▸ Given data:
"""

(* Let $K\geqslant1$ and $f\in\mathrm{HQR}_K(\mathbb{U},\mathbb{S})$ with $f(0)=0$. Then $$|f(z)|\leqslant\frac{4}{\pi}K\operatorname{artanh}|z|\quad\text{for all } z\in\mathbb{U},$$ and this inequality is sharp for each point $z\in\mathbb{U}$ (for every $z\in\mathbb{U}$ there is $g\in\mathrm{HQR}_K(\mathbb{U},\mathbb{S})$ with $g(0)=0$ and $|g(z)|=\frac{4}{\pi}K\operatorname{artanh}|z|$).
   Context: $\mathbb{U}=\{z\in\mathbb{C}:|z|<1\}$, $\mathbb{S}=\{z\in\mathbb{C}:-1<\operatorname{Re} z<1\}$. For domains $D,G\subset\mathbb{C}$, $\mathrm{HQR}_K(D,G)$ denotes the class of complex-valued harmonic $C^1$ maps $f:D\to G$ that are sense-preserving $K$-quasiregular, i.e. $|f_z(z)|>|f_{\bar z}(z)|$ and $\frac{|f_z(z)|+|f_{\bar z}(z)|}{|f_z(z)|-|f_{\bar z}(z)|}\leqslant K$ for all $z\in D$. *)

From Stdlib Require Import Reals.
From Coquelicot Require Import Coquelicot.
Open Scope R_scope.

Definition unit_disk (z : C) : Prop := Cmod z < 1.
Definition strip (z : C) : Prop := -1 < fst z < 1.

Definition dx (h : C -> R) (p : C) : R := Derive (fun t => h (t, snd p)) (fst p).
Definition dy (h : C -> R) (p : C) : R := Derive (fun t => h (fst p, t)) (snd p).

Definition C1_on (D : C -> Prop) (h : C -> R) : Prop :=
  forall p, D p ->
    ex_derive (fun t => h (t, snd p)) (fst p) /\
    ex_derive (fun t => h (fst p, t)) (snd p) /\
    continuous h p /\ continuous (dx h) p /\ continuous (dy h) p.

Definition C2_on (D : C -> Prop) (h : C -> R) : Prop :=
  C1_on D h /\ C1_on D (dx h) /\ C1_on D (dy h).

Definition harmonic_on (D : C -> Prop) (h : C -> R) : Prop :=
  C2_on D h /\ forall p, D p -> dx (dx h) p + dy (dy h) p = 0.

Definition re_part (f : C -> C) : C -> R := fun p => fst (f p).
Definition im_part (f : C -> C) : C -> R := fun p => snd (f p).

(* f_z = (f_x - i f_y)/2 and f_{\bar z} = (f_x + i f_y)/2, f = u + i v *)
Definition f_z (f : C -> C) (p : C) : C :=
  let u := re_part f in let v := im_part f in
  ((dx u p + dy v p) / 2, (dx v p - dy u p) / 2).
Definition f_zbar (f : C -> C) (p : C) : C :=
  let u := re_part f in let v := im_part f in
  ((dx u p - dy v p) / 2, (dx v p + dy u p) / 2).
(* Let $k\ge2$, let $n_1,\dots,n_m$ be positive reals and $n=n_1+\cdots+n_m$. Let $F_k(x)=\left(\frac nk x\right)^{\frac1{k-1}}$ for $x\in[0,\frac kn]$ and $F_k(x)=1$ for $x>\frac kn$. In the $m$-group auction described in the context, suppose each of the $k-1$ disadvantaged bidders, independently, bids $n_i b_i$ on group $i$, where $(b_1,\dots,b_m)$ is drawn from an $m$-dimensional distribution such that each $b_i$ has cumulative distribution function $F_k$ and $n_1b_1+\cdots+n_mb_m=1$. Then the maximum over strategies of the adversary ${\mathcal A}$ of the expected number of objects won by ${\mathcal A}$ equals $n/k$.
   Context: $m$-group auction model: objects are divided into $m$ groups, group $i$ containing $n_i$ objects ($n_i$ a positive real, interpreted as the value of the group); the total number of objects is $n=\sum_i n_i$. There are $k$ bidders: an adversary ${\mathcal A}$ and $k-1$ disadvantaged bidders; each has budget $1$ and submits simultaneously nonnegative bids for the $m$ groups with total at most $1$. The highest bidder on a group obtains all $n_i$ objects in it; if $j$ bidders tie for the highest bid, each wins the group with probability $1/j$. ${\mathcal A}$ knows the disadvantaged bidders' bidding algorithm but not their realized bids; his bids are independent of theirs. *)

From HB Require Import structures.
From mathcomp Require Import all_boot all_order all_algebra.
From mathcomp Require Import all_classical all_reals all_analysis.
Set Implicit Arguments. Unset Strict Implicit. Unset Printing Implicit Defensive.
Import Order.TTheory GRing.Theory Num.Theory.
Local Open Scope classical_set_scope.
Local Open Scope ring_scope.

Definition Fk (R : realType) (n : R) (k : nat) (x : R) : R :=
  if x < 0 then 0
  else if x <= k%:R / n then (n / k%:R * x) `^ (1 / (k%:R - 1))
  else 1.

(* Rectangles form a pi-system generating the joint sigma-algebras. *)
Definition indep_vecs (R : realType) (d : measure_display) (T : measurableType d)
  (P : probability T R) (I : finType) (m : nat) (X : I -> T -> 'I_m -> R) : Prop :=
  forall E : I -> 'I_m -> set R, (forall j i, measurable (E j i)) ->
    fine (P [set w | forall j i, E j i (X j w i)]) =
    \prod_(j : I) fine (P [set w | forall i, E j i (X j w i)]).

(* Family of all k bidders: None = adversary, Some j = j-th disadvantaged bidder. *)
Definition all_bidders (R : realType) (T : Type) (m k : nat)
  (A : T -> 'I_m -> R) (B : 'I_k.-1 -> T -> 'I_m -> R) :
  option 'I_k.-1 -> T -> 'I_m -> R :=
  fun o => match o with None => A | Some j => B j end.

Definition adv_strategy (R : realType) (d : measure_display) (T : measurableType d)
  (m : nat) (A : T -> 'I_m -> R) : Prop :=
  (forall i, measurable_fun setT (fun w => A w i)) /\
  (forall w, (forall i, 0 <= A w i) /\ \sum_(i < m) A w i <= 1).

(* If some disadvantaged bid is strictly higher, he loses;
   otherwise he wins with probability 1/(1 + #ties). *)
Definition adv_win (R : realType) (T : Type) (m k : nat) (nv : 'I_m -> R)
  (A : T -> 'I_m -> R) (B : 'I_k.-1 -> T -> 'I_m -> R) (i : 'I_m) (w : T) : R :=
  if [exists j, A w i < nv i * B j w i] then 0
  else (1 + #|[set j | nv i * B j w i == A w i]|%:R)^-1.

Definition adv_gain (R : realType) (T : Type) (m k : nat) (nv : 'I_m -> R)
  (A : T -> 'I_m -> R) (B : 'I_k.-1 -> T -> 'I_m -> R) (w : T) : R :=
  \sum_(i < m) nv i * adv_win nv A B i w.

Definition adv_expected (R : realType) (d : measure_display) (T : measurableType d)
  (P : probability T R) (m k : nat) (nv : 'I_m -> R)
  (A : T -> 'I_m -> R) (B : 'I_k.-1 -> T -> 'I_m -> R) : \bar R :=
  (\int[P]_w (adv_gain nv A B w)%:E)%E.

(* Suppose the adversary bids a on group i.  He can only win the group if every
   disadvantaged bid n_i b_(j,i) is at most a; by independence this happens with
   probability F_k(a / n_i)^(k-1) <= (n/k) a / n_i, so group i contributes at
   most (n/k) a to his expected gain, and the budget constraint gives n/k.
   Independence is only available for events about the bids, so the random
   threshold a is first rounded up to the grid of mesh 1/M, at a cost of
   (n/k) m / M which vanishes as M grows.  Conversely, the deterministic bid
   n_i / n wins group i as soon as all b_(j,i) lie below some y < 1/n, which has
   probability F_k(y)^(k-1) = (n/k) y. *)

Set Warnings "-notation-overridden,-ambiguous-paths,-notation-incompatible-prefix".
From HB Require Import structures.
From mathcomp Require Import all_boot all_order all_algebra.
From mathcomp Require Import all_classical all_reals all_analysis.
From mathcomp Require Import measurable_realfun ring.
Set Implicit Arguments. Unset Strict Implicit. Unset Printing Implicit Defensive.
Import Order.TTheory GRing.Theory Num.Theory.
Local Open Scope classical_set_scope.
Local Open Scope ring_scope.

Lemma big_option (R : Type) (idx : R) (op : Monoid.com_law idx) (I : finType)
    (F : option I -> R) :
  \big[op/idx]_(o : option I) F o = op (F None) (\big[op/idx]_(j : I) F (Some j)).
Proof.
rewrite (bigD1 None) //=; congr (op _ _).
rewrite (reindex_omap Some id) //=; first by apply: eq_bigl => j; rewrite eqxx.
by case.
Qed.

Lemma lee_add_divn (R : realType) (x : \bar R) (y e : R) : 0 <= e ->
  (forall M : nat, (0 < M)%N -> (x <= (y + e / M%:R)%:E)%E) -> (x <= y%:E)%E.
Proof.
move=> e0; case: x => [x| |] xle; last by rewrite leNye.
- rewrite lee_fin; apply/ler_addgt0Pr => eps eps0.
  have := archi_boundP (divr_ge0 e0 (ltW eps0)).
  set M := Num.bound (e / eps) => eM.
  apply: (le_trans (xle M.+1 isT : x <= _)); rewrite lerD2l ler_pdivrMr ?ltr0n //.
  rewrite ltr_pdivrMr // in eM; rewrite mulrC; apply: (le_trans (ltW eM)).
  by rewrite ler_wpM2r ?ler_nat // ltW.
- by have := xle 1%N isT; rewrite leye_eq.
Qed.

"""

▸ What is needed: Everything from the line that contains "rewrite (bigD1 None) //=; congr (op _ _)." through the final line of the listing is to be restated word for word, and nothing more.

▸ Expected answer:
rewrite (bigD1 None) //=; congr (op _ _).
rewrite (reindex_omap Some id) //=; first by apply: eq_bigl => j; rewrite eqxx.
by case.
Qed.

Lemma lee_add_divn (R : realType) (x : \bar R) (y e : R) : 0 <= e ->
  (forall M : nat, (0 < M)%N -> (x <= (y + e / M%:R)%:E)%E) -> (x <= y%:E)%E.
Proof.
move=> e0; case: x => [x| |] xle; last by rewrite leNye.
- rewrite lee_fin; apply/ler_addgt0Pr => eps eps0.
  have := archi_boundP (divr_ge0 e0 (ltW eps0)).
  set M := Num.bound (e / eps) => eM.
  apply: (le_trans (xle M.+1 isT : x <= _)); rewrite lerD2l ler_pdivrMr ?ltr0n //.
  rewrite ltr_pdivrMr // in eM; rewrite mulrC; apply: (le_trans (ltW eM)).
  by rewrite ler_wpM2r ?ler_nat // ltW.
- by have := xle 1%N isT; rewrite leye_eq.
Qed.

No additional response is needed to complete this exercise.